# Flys have new home



## dwtrees (Mar 5, 2012)

Just wanted to share with everyone some photos of the new home for some old flys that were my dads. I can remember one time I saw him use these and that was when I was nine. (51 years ago)

Here is the old fly box - part of the bottom missing and the end of the cover is gone. There is still a sticker on the top of the cover that says BESTMADE with Japan in small print below it. On the one end of the box there are two stampings that say - No. 700 and SIZE 10.









And the new home for the old flys that Ed made and personalized for me - Thank You again Ed.

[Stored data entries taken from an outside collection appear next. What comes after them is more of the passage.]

Lemma abs_xlnx_le (u : R) : 0 < u <= 1 -> Rabs (u * ln u) <= 2 * (sqrt u - u).
Proof.
  intros Hu.
  set (s := sqrt u).
  assert (Hs : 0 < s) by (apply sqrt_lt_R0; lra).
  assert (Hus : u = s * s) by (unfold s; rewrite sqrt_sqrt; lra).
  assert (Hln : ln u <= 0) by (rewrite <- ln_1; apply ln_le; lra).
  assert (Hlns : ln u = 2 * ln s) by (rewrite Hus at 1; rewrite ln_mult by lra; ring).
  assert (Hinv : - ln s <= / s - 1).
  { rewrite <- ln_Rinv by lra. apply ln_le_sub_1, Rinv_0_lt_compat, Hs. }
  assert (Hmul : - ln s * s <= 1 - s).
  { replace (1 - s) with ((/ s - 1) * s) by (field; lra).
    apply Rmult_le_compat_r; lra. }
  rewrite Rabs_left1 by (apply Rmult_le_0_l; lra).
  rewrite Hlns, Hus. nra.
Qed.

Lemma abs_mul_ln_abs_le (x : R) :
  Rabs x <= 1 -> Rabs (x * ln (Rabs x)) <= 2 * (sqrt (Rabs x) - Rabs x).
Proof.
  intros Hx. destruct (Req_dec x 0) as [->|Hx0].
  - rewrite Rmult_0_l, Rabs_R0, sqrt_0. lra.
  - replace (Rabs (x * ln (Rabs x))) with (Rabs (Rabs x * ln (Rabs x)))
      by (rewrite !Rabs_mult, Rabs_Rabsolu; reflexivity).
    apply abs_xlnx_le. split; [apply Rabs_pos_lt|]; assumption.
Qed.

Lemma continuous_mul_ln_abs (x : R) : continuous (fun y => y * ln (Rabs y)) x.
Proof.
  destruct (Req_dec x 0) as [->|Hx].
  - apply filterlim_locally. intros eps.
    set (d := Rmin 1 ((eps / 2) ^ 2)).
    assert (Hd : 0 < d) by (apply Rmin_glb_lt; [lra|]; apply pow_lt, is_pos_div_2).
    exists (mkposreal d Hd). intros y Hy.
    change (Rabs (y - 0) < d) in Hy. rewrite Rminus_0_r in Hy.
    change (Rabs (y * ln (Rabs y) - 0 * ln (Rabs 0)) < eps).
    rewrite Rmult_0_l, Rminus_0_r.
    assert (Hy1 : Rabs y <= 1) by (pose proof (Rmin_l 1 ((eps / 2) ^ 2)); unfold d in Hy; lra).
    assert (Hsq : sqrt (Rabs y) < eps / 2).
    { rewrite <- (sqrt_pow2 (eps / 2)) by (left; apply is_pos_div_2).
      apply sqrt_lt_1_alt. split; [apply Rabs_pos|].
      pose proof (Rmin_r 1 ((eps / 2) ^ 2)); unfold d in Hy; lra. }
    pose proof (abs_mul_ln_abs_le y Hy1). pose proof (Rabs_pos y). lra.
  - apply (continuous_mult (fun y => y) (fun y => ln (Rabs y))); [apply continuous_id|].
    apply (continuous_comp Rabs ln); [apply continuous_Rabs|].
    apply continuous_ln, Rabs_pos_lt, Hx.
Qed.

Section Laplace.

Variable c : R.
Hypothesis c_pos : 0 < c.

Definition laplace (w : R) : R := exp (- (Rabs w / c)).

Definition laplace_prim (x : R) : R :=
  if Rle_dec 0 x then c * (1 - exp (- (x / c))) else - (c * (1 - exp (x / c))).

Lemma laplace_prim_nonneg (x : R) : 0 <= x -> laplace_prim x = c * (1 - exp (- (x / c))).
Proof. intros Hx. unfold laplace_prim. destruct (Rle_dec 0 x); [reflexivity | lra]. Qed.

Lemma laplace_prim_nonpos (x : R) : x <= 0 -> laplace_prim x = - (c * (1 - exp (x / c))).
Proof.
  intros Hx. unfold laplace_prim. destruct (Rle_dec 0 x); [|reflexivity].
  replace x with 0 by lra. rewrite Rdiv_0_l, Ropp_0, exp_0. ring.
Qed.

Lemma is_RInt_laplace_0 (x : R) : is_RInt laplace 0 x (laplace_prim x).
Proof.
  destruct (Rle_dec 0 x) as [Hx|Hx].
  - rewrite laplace_prim_nonneg by exact Hx.
    replace (c * (1 - exp (- (x / c)))) with
      (minus (- c * exp (- (x / c))) (- c * exp (- (0 / c))))
      by (unfold minus, plus, opp; simpl; rewrite Rdiv_0_l, Ropp_0, exp_0; ring).
    apply (is_RInt_ext (fun w => exp (- (w / c)))).
    + intros w Hw. rewrite Rmin_left, Rmax_right in Hw by lra.
      unfold laplace. rewrite Rabs_pos_eq by lra. reflexivity.
    + apply (is_RInt_derive (V := R_CompleteNormedModule) (fun w => - c * exp (- (w / c)))).
      * intros w _. auto_derive; [exact I|]. unfold Rdiv. field. lra.
      * intros w _. apply (ex_derive_continuous (V := R_NormedModule)). auto_derive. exact I.
  - rewrite laplace_prim_nonpos by lra.
    replace (- (c * (1 - exp (x / c)))) with
      (minus (c * exp (x / c)) (c * exp (0 / c)))
      by (unfold minus, plus, opp; simpl; rewrite Rdiv_0_l, exp_0; ring).
    apply (is_RInt_ext (fun w => exp (w / c))).
    + intros w Hw. rewrite Rmin_right, Rmax_left in Hw by lra.
      unfold laplace. rewrite Rabs_left by lra. f_equal. field. lra.
    + apply (is_RInt_derive (V := R_CompleteNormedModule) (fun w => c * exp (w / c))).
      * intros w _. auto_derive; [exact I|]. unfold Rdiv. field. lra.
      * intros w _. apply (ex_derive_continuous (V := R_NormedModule)). auto_derive. exact I.
Qed.

Lemma is_RInt_laplace (a b : R) :
  is_RInt laplace a b (laplace_prim b - laplace_prim a).
Proof.
  replace (laplace_prim b - laplace_prim a)
    with (plus (opp (laplace_prim a)) (laplace_prim b))
    by (unfold plus, opp; simpl; ring).
  exact (is_RInt_Chasles _ _ _ _ _ _
           (is_RInt_swap _ _ _ _ (is_RInt_laplace_0 a)) (is_RInt_laplace_0 b)).
Qed.

Lemma laplace_prim_tail (M x y : R) : 0 <= M ->
  (M <= x /\ M <= y) \/ (x <= - M /\ y <= - M) ->
  Rabs (laplace_prim y - laplace_prim x) <= c * exp (- (M / c)).
Proof.
  intros HM Hxy.
  assert (Hmono : forall u, M <= u -> exp (- (u / c)) <= exp (- (M / c))).
  { intros u Hu. apply exp_le_compat, Ropp_le_contravar.
    apply Rmult_le_compat_r; [left; apply Rinv_0_lt_compat|]; lra. }
  assert (Hc : forall u, 0 < c * exp u) by (intros u; apply Rmult_lt_0_compat; [lra | apply exp_pos]).
  assert (HcM : forall u v, exp u <= exp v -> c * exp u <= c * exp v)
    by (intros u v Huv; apply Rmult_le_compat_l; lra).
  destruct Hxy as [[Hx Hy]|[Hx Hy]].
  - rewrite !laplace_prim_nonneg by lra.
    pose proof (HcM _ _ (Hmono x Hx)). pose proof (HcM _ _ (Hmono y Hy)).
    pose proof (Hc (- (x / c))). pose proof (Hc (- (y / c))).
    apply Rabs_le. lra.
  - rewrite !laplace_prim_nonpos by lra.
    replace (x / c) with (- (- x / c)) by (field; lra).
    replace (y / c) with (- (- y / c)) by (field; lra).
    pose proof (HcM _ _ (Hmono (- x) ltac:(lra))). pose proof (HcM _ _ (Hmono (- y) ltac:(lra))).
    pose proof (Hc (- (- x / c))). pose proof (Hc (- (- y / c))).
    apply Rabs_le. lra.
Qed.

Lemma norm_RInt_le_laplace {V : NormedModule R_AbsRing} (f : R -> V) (x y : R) (A : V) :
  (forall w, norm (f w) <= laplace w) -> is_RInt f x y A ->
  norm A <= Rabs (laplace_prim y - laplace_prim x).
Proof.
  intros Hf HA. destruct (Rle_dec x y) as [Hxy|Hxy].
  - eapply Rle_trans; [| apply Rle_abs].
    exact (norm_RInt_le f laplace x y A _ Hxy (fun w _ => Hf w) HA (is_RInt_laplace x y)).
  - rewrite <- norm_opp, Rabs_minus_sym. eapply Rle_trans; [| apply Rle_abs].
    exact (norm_RInt_le f laplace y x _ _ ltac:(lra) (fun w _ => Hf w)
             (is_RInt_swap _ _ _ _ HA) (is_RInt_laplace y x)).
Qed.

Lemma laplace_tail_lt (eps : R) : 0 < eps ->
  exists M, 0 <= M /\ c * exp (- (M / c)) < eps.
Proof.
  intros He. set (L := ln (c / eps)).
  exists (c * (Rabs L + 1)). split.
  - apply Rmult_le_pos; [lra|]. pose proof (Rabs_pos L). lra.
  - replace (c * (Rabs L + 1) / c) with (Rabs L + 1) by (field; lra).
    assert (Hlt : exp (- (Rabs L + 1)) < exp (- L)).
    { apply exp_increasing. pose proof (Rle_abs L). lra. }
    assert (HL : exp L = c / eps) by (apply exp_ln, Rdiv_lt_0_compat; lra).
    rewrite (exp_Ropp L), HL in Hlt.
    replace eps with (c * / (c / eps)) by (field; lra).
    apply Rmult_lt_compat_l; lra.
Qed.

Lemma ex_RInt_gen_laplace_dominated {V : CompleteNormedModule R_AbsRing} (f : R -> V) :
  (forall a b, ex_RInt f a b) -> (forall w, norm (f w) <= laplace w) ->
  exists l, is_RInt_gen f (Rbar_locally m_infty) (Rbar_locally p_infty) l.
Proof.
  intros Hex Hf.
  assert (Hwd : filter_prod (Rbar_locally m_infty) (Rbar_locally p_infty)
    (fun ab : R * R => (exists y, is_RInt f (fst ab) (snd ab) y) /\
       (forall y1 y2, is_RInt f (fst ab) (snd ab) y1 -> is_RInt f (fst ab) (snd ab) y2 -> y1 = y2))).
  { apply filter_forall. intros [a b]. split; [apply Hex|].
    intros y1 y2 H1 H2. rewrite <- (is_RInt_unique _ _ _ _ H1). exact (is_RInt_unique _ _ _ _ H2). }
  apply (proj1 (filterlimi_locally_cauchy _ Hwd)).
  intros eps.
  destruct (laplace_tail_lt (eps / 2) (is_pos_div_2 eps)) as [M [HM Htail]].
  exists (fun ab : R * R => fst ab < - M /\ M < snd ab). split.
  { apply (Filter_prod _ _ _ (fun x => x < - M) (fun y => M < y)).
    - exists (- M). auto.
    - exists M. auto.
    - simpl. auto. }
  intros [ua ub] [va vb] [Hua Hub] [Hva Hvb] u v Hu Hv; simpl in *.
  destruct (Hex va ua) as [A HA], (Hex ub vb) as [B HB].
  (* The two integrals differ by the integrals over the tails [va, ua] and [ub, vb]. *)
  assert (Hsplit : v = plus (plus A u) B).
  { rewrite <- (is_RInt_unique _ _ _ _ Hv).
    apply is_RInt_unique, (is_RInt_Chasles _ _ ub), HB.
    apply (is_RInt_Chasles _ _ ua); assumption. }
  apply (norm_compat1 (K := R_AbsRing) (V := V)).
  rewrite Hsplit, (minus_plus_mid (G := NormedModule.AbelianGroup R_AbsRing V)).
  eapply Rle_lt_trans; [apply norm_triangle|].
  pose proof (norm_RInt_le_laplace f va ua A Hf HA).
  pose proof (norm_RInt_le_laplace f ub vb B Hf HB).
  pose proof (laplace_prim_tail M va ua HM ltac:(lra)).
  pose proof (laplace_prim_tail M ub vb HM ltac:(lra)).
  lra.
Qed.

Then the old flys in there new home -









As you can see, most of the flys have lost thier feathers and other parts but that is OK. These flys will never be used and I am saving them because they were my dads. Does anyone have any idea of the names for these flys?


----------



## youngdon (Mar 10, 2010)

Awesome ! I got one to send to my Brother and another for a good friend, both are excellent workmanship.


----------



## JTKillough (May 4, 2010)

Yes those are about the best looking fly boxes I have seen, but you wouldn't believe what I thought when I read that thread title. I guess I am a predator hunter....to the bone!


----------



## glenway (Mar 27, 2011)

"Does anyone have any idea of the names for these flys?"

Artificial?

Nice grab, DW. A great memento from Ed's hands completes the package.


----------



## hassell (Feb 9, 2010)

Great keepsake into a mighty fine looking fly box - the ones with the wings ( few parts missing ) is a version of the royal coachman, the others I wouldn't use around here as I don't recognize them though the black ones with a bit of red is close to the blacknat(sp ). Only thing missing is the rod and wicker basket.


----------



## prairiewolf (Feb 19, 2012)

Glad you like the box Rick and your welcome and Thank You for the purchase.


----------



## kiyote (Jun 15, 2014)

the ones with the red band on body look like coachmans. can't say on the rest.


----------



## youngdon (Mar 10, 2010)

JTKillough said:


> Yes those are about the best looking fly boxes I have seen, but you wouldn't believe what I thought when I read that thread title. I guess I am a predator hunter....to the bone!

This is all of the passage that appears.